Section 2, 4 and 5 are mostly relevant and recommanded to read first.

In this chapter, we will implement the legacy interface of virtio block device, which is implemented by QEMU and our target OS xv6 provides a driver for it.

VirtIO 代表了一个虚拟设备家族。在本章中,我们将专注于虚拟磁盘(block device)。完整的文档可以在这里获取。其中的第 2、4、5 节是最相关的,推荐先读一遍。

本章我们要实现的是虚拟磁盘的旧(legacy)接口,QEMU 实现了同样的接口,xv6 的驱动也与之适配。

1. Block Device & MMIO Device Register Layout

Section 5.2 contains an introduction to the Block Device. We can find out many useful information there. The Device ID is 2 while there is only one virtqueue, whose index is 0.

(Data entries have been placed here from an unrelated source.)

Lemma Toep_sym_plus_lower a : lower_triangular (Toep (sym_plus a)).
Proof.
move=> j k /ltP jk; rewrite /Toep /sym_plus.
by have /Z.leb_gt -> : Z.of_nat j - Z.of_nat k < 0 by lia.
Qed.

Lemma Toep_sym_minus_upper a : upper_triangular (Toep (sym_minus a)).
Proof.
move=> j k /ltP kj; rewrite /Toep /sym_minus.
by have /Z.ltb_ge -> : 0 <= Z.of_nat j - Z.of_nat k by lia.
Qed.

End Toeplitz.

Section Determinant.
Local Open Scope ring_scope.

Lemma ltbE m n : Nat.ltb m n = (m < n)%N.
Proof. by apply/idP/idP => [/Nat.ltb_lt/ltP | /ltP/Nat.ltb_lt]. Qed.

Lemma Cdet_det n f : toC (Cdet n f) = \det (\matrix_(i < n, j < n) toC (f i j)).
Proof.
elim: n f => [|n IH] f; first by rewrite det_mx00.
rewrite -[Cdet _ _]/(Csum _ _) toC_sum (expand_det_row _ ord0); apply: eq_bigr => j _.
rewrite !toC_mul toC_pow toC_opp toC1 IH /cofactor mxE add0n -mulrA mulrCA.
congr (_ * (_ * \det _)); apply/matrixP => a b; rewrite !mxE /minor0 /=.
by rewrite ltbE /bump; case: ltnP => _; rewrite ?add0n ?add1n.
Qed.

Definition block n (A : imat) : 'M[R[i]]_n := \matrix_(i < n, j < n) toC (A i j).

Lemma toC_det_IPnXPn_sub n A : toC (det_IPnXPn n (msub A delta)) = \det (block n A).
Proof.
rewrite /det_IPnXPn Cdet_det; congr (\det _); apply/matrixP => i j.
by rewrite !mxE /msub /Csub !toC_add toC_opp addrC subrK.
Qed.

Lemma block_mmul n A B :
  (forall i j m, (i < n)%N -> (j < n)%N -> (n <= m)%N -> Cmul (A i m) (B m j) = C0) ->
  block n (mmul A B) = block n A *m block n B.
Proof.
move=> AB0; apply/matrixP => i j; rewrite !mxE /mmul (Cseries_eq_Csum _ n) => [|m nm].
  by rewrite toC_sum; apply: eq_bigr => m _; rewrite !mxE toC_mul.
exact: AB0.
Qed.

Lemma block_mmul_lower n A B : lower_triangular A -> block n (mmul A B) = block n A *m block n B.
Proof. by move=> lA; apply: block_mmul => i j m ilt _ nm; rewrite lA ?Cmul0r // (leq_trans ilt nm). Qed.

Lemma block_mmul_upper n A B : upper_triangular B -> block n (mmul A B) = block n A *m block n B.
Proof. by move=> uB; apply: block_mmul => i j m _ jlt nm; rewrite uB ?Cmulr0 // (leq_trans jlt nm). Qed.

Lemma det_block_triangular n A : lower_triangular A \/ upper_triangular A ->
  \det (block n A) = \prod_(i < n) toC (A i i).
Proof.
case=> [lA|uA].
  rewrite det_trig; first by apply: eq_bigr => i _; rewrite mxE.
  by apply/is_trig_mxP => i j ij; rewrite mxE lA.
rewrite -det_tr det_trig; first by apply: eq_bigr => i _; rewrite !mxE.
by apply/is_trig_mxP => i j ij; rewrite !mxE uA.
Qed.

Lemma det_block_mexp s n A : lower_triangular A \/ upper_triangular A ->
  \det (block n (mexp s A)) = \prod_(i < n) toC (Cexp (Cmul s (A i i))).
Proof.
move=> tA; rewrite det_block_triangular; last first.
  by case: tA => [lA|uA]; [left; exact: mexp_lower | right; exact: mexp_upper].
by apply: eq_bigr => i _; rewrite mexp_diag.
Qed.

Lemma toC_Cexp_trace s n A :
  toC (Cexp (Copp (Cmul s (trace_Pn n A)))) = \prod_(i < n) toC (Cexp (Cmul (Copp s) (A i i))).
Proof.
rewrite -(toC_Cexp_sum n (fun i => Cmul (Copp s) (A i i))); congr (toC (Cexp _)).
apply: toC_inj; rewrite toC_opp toC_mul !toC_sum mulr_sumr -sumrN.
by apply: eq_bigr => i _; rewrite toC_mul toC_opp mulNr.
Qed.

Lemma prod_Cexp_Toep_diag s a n :
  \prod_(i < n) toC (Cexp (Cmul s (Toep a i i))) = toC (Cexp (Cmul s (a Z0))) ^+ n.
Proof. by under eq_bigr do rewrite Toep_diag; rewrite prodr_const card_ord. Qed.

End Determinant.

Theorem lemma4p2 (phi : Z -> Cplx) (Hphi : abs_summable phi) (t : Cplx) (n : nat) :
  Cmul (det_IPnXPn n (msub (mexp t (Toep phi)) delta))
       (Cexp (Copp (Cmul t (trace_Pn n (Toep phi)))))
  = det_IPnXPn n
      (msub (mmul (mmul (mexp (Copp t) (Toep (sym_plus phi)))
                        (mexp t (Toep phi)))
                  (mexp (Copp t) (Toep (sym_minus phi))))
            delta).
Proof.
have lower_plus := Toep_sym_plus_lower phi.
have upper_minus := Toep_sym_minus_upper phi.
apply: toC_inj; rewrite toC_mul !toC_det_IPnXPn_sub.
rewrite block_mmul_upper; last exact: mexp_upper.
rewrite block_mmul_lower; last exact: mexp_lower.
rewrite !det_mulmx (det_block_mexp _ _ _ (or_introl lower_plus)).
rewrite (det_block_mexp _ _ _ (or_intror upper_minus)).
rewrite toC_Cexp_trace !prod_Cexp_Toep_diag /= Cmulr0 Cexp_0 toC1 expr1n mulr1.
exact: mulrC.
Qed.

Section 4.2.2 & 4.2.4 provide the register layout for both current and legacy interfaces. Some registers are only explained in Section 4.2.2, that is why I mention it.

I have listed most of these in param.rs.

Virtio 文档的第 5.2 节是对虚拟磁盘的介绍,包括了设备ID,virtqueue 的数量等。4.2.2 和 4.2.4 节提供了旧接口的寄存器布局。一些寄存器仅在会 4.2.2 节中介绍,这两部分应该合起来看。

2. Virtqueue

The mechanism for bulk data transport on virtio devices is pretentiously called a virtqueue. Each device can have zero or more virtqueues. The block device have only one virtqueue, namely requestq, indexed as 0. The QueueNotify should be initialized with the max number of virtqueues. It is 1 in this case.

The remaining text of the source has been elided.